WASHINGTON (December 10, 2019)—A congressional conference committee has agreed to include the creation of a space force in a must-pass defense bill in exchange for paid parental leave benefits for federal workers. What is missing from the debate over the horse trade, according to the Union of Concerned Scientists (UCS), is the fact that a space force is a very bad idea.

Below is a statement by Laura Grego, a physicist and senior scientist in the Global Security Program at UCS.

“At best a space force is a distraction from what is necessary to ensure space security in the face of rapid technological and geopolitical changes. At worst, it would prompt a space arms race that would threaten U.S. military and civilian satellites, not protect them. Diplomacy, not bureaucratic reorganization is urgently needed.

“The Pentagon insists that keeping space predictable and safe is the core purpose of whatever reorganization they do. To be sure, that mission is important and stabilizing, but it doesn’t need a new military service. Creating a new military service focused on space will create bureaucratic incentives to hype the space weapons threat and build new weapons. Pentagon officials emphasize that Russia and China are developing anti-satellite technology, but they leave out the fact that the United States is far ahead in sophistication as well as capacity of such technology.

“In fact, having anti-satellite weapons will do very little to keep one’s own satellites safe from attack. And unconstrained space weapons development will lead to a competition that makes space more dangerous, costly and unpredictable to use.

“In the absence of any international agreements about protecting satellites and the outer space environment, more countries are developing weapons that can destroy satellites in orbit. Earlier this year, for example, India successfully tested its anti-satellite system, obliterating its own satellite. It proudly proclaimed that it had joined the ‘elite club of space powers.’

“Testing anti-satellite technology, much less engaging in an actual conflict in space, can have profound ripple effects. The destruction of a single large satellite in low Earth orbit could more than double the amount of dangerous debris in the orbits most often used for weather observations, earth imaging and space-based internet service.
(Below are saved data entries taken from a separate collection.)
(* Let $M$ be an adequate monoid, $\chi:\Sigma\to M$ a function and $\tau$ the map defined below. Suppose $\mu:X\to Y$ is a morphism of idempotent $\Sigma$-trees. Then $\tau(Y)\tau(X)=\tau(Y)$ in $M$.
   Context: Adequate monoid: a monoid $M$ whose idempotents commute and in which every $\mathcal{L}^*$-class and every $\mathcal{R}^*$-class contains an idempotent, where $a\,\mathcal{L}^*\,b$ iff ($ax=ay\Leftrightarrow bx=by$ for all $x,y\in M$) and $a\,\mathcal{R}^*\,b$ iff ($xa=ya\Leftrightarrow xb=yb$ for all $x,y\in M$); $x^+$ and $x^*$ denote the unique idempotents $\mathcal{R}^*$- and $\mathcal{L}^*$-related to $x$. Trees: a $\Sigma$-tree is a finite directed graph whose underlying undirected graph is a tree, each edge $e$ having initial vertex $\alpha(e)$, terminal vertex $\omega(e)$ and label $\lambda(e)\in\Sigma$, with distinguished start and end vertices such that there is a (possibly empty) directed path from start to end vertex; it is idempotent if start vertex equals end vertex. A morphism $X\to Y$ maps vertices to vertices and edges to edges, preserving $\alpha$, $\omega$ and $\lambda$, and maps start/end vertex of $X$ to start/end vertex of $Y$. The map $\tau$ from idempotent trees to idempotents of $M$ is defined recursively on the number of edges: if $X$ has no edges, $\tau(X)=1$. Otherwise let $v$ be its start (= end) vertex; for an edge $e$ with $\alpha(e)=v$ let $X_e$ be the connected component of $X$ with edge $e$ removed containing $\omega(e)$, viewed as an idempotent tree with start and end vertex $\omega(e)$; for an edge $e$ with $\omega(e)=v$ let $X_e$ be the component of $X$ with $e$ removed containing $\alpha(e)$, viewed as an idempotent tree at $\alpha(e)$. Then $\tau(X)=\prod_{e:\alpha(e)=v}[\chi(\lambda(e))\tau(X_e)]^+\cdot\prod_{e:\omega(e)=v}[\tau(X_e)\chi(\lambda(e))]^*$ (a product of commuting idempotents, independent of order). *)

From mathcomp Require Import all_boot.
Set Implicit Arguments. Unset Strict Implicit. Unset Printing Implicit Defensive.

Section Monoid.
Variables (M : Type) (mul : M -> M -> M) (one : M).

Definition is_monoid : Prop :=
  (forall a b c, mul a (mul b c) = mul (mul a b) c) /\
  (forall a, mul one a = a) /\ (forall a, mul a one = a).

Definition idem (e : M) : Prop := mul e e = e.

Definition Lstar (a b : M) : Prop :=
  forall x y, mul a x = mul a y <-> mul b x = mul b y.
Definition Rstar (a b : M) : Prop :=
  forall x y, mul x a = mul y a <-> mul x b = mul y b.

Definition is_adequate : Prop :=
  is_monoid /\
  (forall e f, idem e -> idem f -> mul e f = mul f e) /\
  (forall a, exists e, idem e /\ Lstar a e) /\
  (forall a, exists e, idem e /\ Rstar a e).
End Monoid.

Section Graph.
Variables (V E : finType) (alpha omega : E -> V).

Definition uadj (D : {set E}) : rel V := fun u w =>
  [exists f in D, ((alpha f == u) && (omega f == w)) ||
                  ((omega f == u) && (alpha f == w))].

Definition dadj : rel V := fun u w =>
  [exists f, (alpha f == u) && (omega f == w)].

Definition is_tree : Prop :=
  (forall u w, connect (uadj setT) u w) /\
  (forall e, ~~ connect (uadj (setT :\ e)) (alpha e) (omega e)).

Definition comp (D : {set E}) (e : E) (w : V) : {set E} :=
  [set f in D :\ e | connect (uadj (D :\ e)) w (alpha f)].
End Graph.

Record sigma_tree (Sigma : Type) := SigmaTree {
  tV : finType;
  tE : finType;
  talpha : tE -> tV;
  tomega : tE -> tV;
  tlab : tE -> Sigma;
  tstart : tV;
  tend : tV;
  tree_ax : is_tree talpha tomega;
  path_ax : connect (dadj talpha tomega) tstart tend }.

Definition idempotent_tree (Sigma : Type) (X : sigma_tree Sigma) : Prop :=
  tstart X = tend X.

Definition tree_morphism (Sigma : Type) (X Y : sigma_tree Sigma)
    (fV : tV X -> tV Y) (fE : tE X -> tE Y) : Prop :=
  (forall e, talpha (fE e) = fV (talpha e)) /\
  (forall e, tomega (fE e) = fV (tomega e)) /\
  (forall e, tlab (fE e) = tlab e) /\
  fV (tstart X) = tstart Y /\ fV (tend X) = tend Y.

Section Tau.
Variables (M : Type) (mul : M -> M -> M) (one : M) (plus star : M -> M).
Variables (Sigma : Type) (chi : Sigma -> M).
Variables (V E : finType) (alpha omega : E -> V) (lab : E -> Sigma).

(** tau of the idempotent tree with edge set D rooted at v (the component of
    v); recursion on the number of edges, via fuel n > #|D| *)
Fixpoint tau_aux (n : nat) (D : {set E}) (v : V) : M :=
  match n with
  | 0 => one
  | n'.+1 =>
    mul (\big[mul/one]_(e in D | alpha e == v)
           plus (mul (chi (lab e))
                     (tau_aux n' (comp alpha omega D e (omega e)) (omega e))))
        (\big[mul/one]_(e in D | omega e == v)
           star (mul (tau_aux n' (comp alpha omega D e (alpha e)) (alpha e))
                     (chi (lab e))))
  end.
End Tau.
“We all would be better off with international agreements that constrain conduct and particularly dangerous technologies in space. The international community has struggled to overcome ideological divisions to reach agreements, but the benefits of continuing to try are obvious. Despite the United States having the most investment in space—nearly half of all satellites—it has put very little time into diplomatic efforts to keep space safe.

“Keeping space safe is critical, not just for military purposes, but for the billions of civilians who rely on the nearly 2,000 satellites circling the planet, the vast majority of which are non-military, which provide critical communications and economic services.”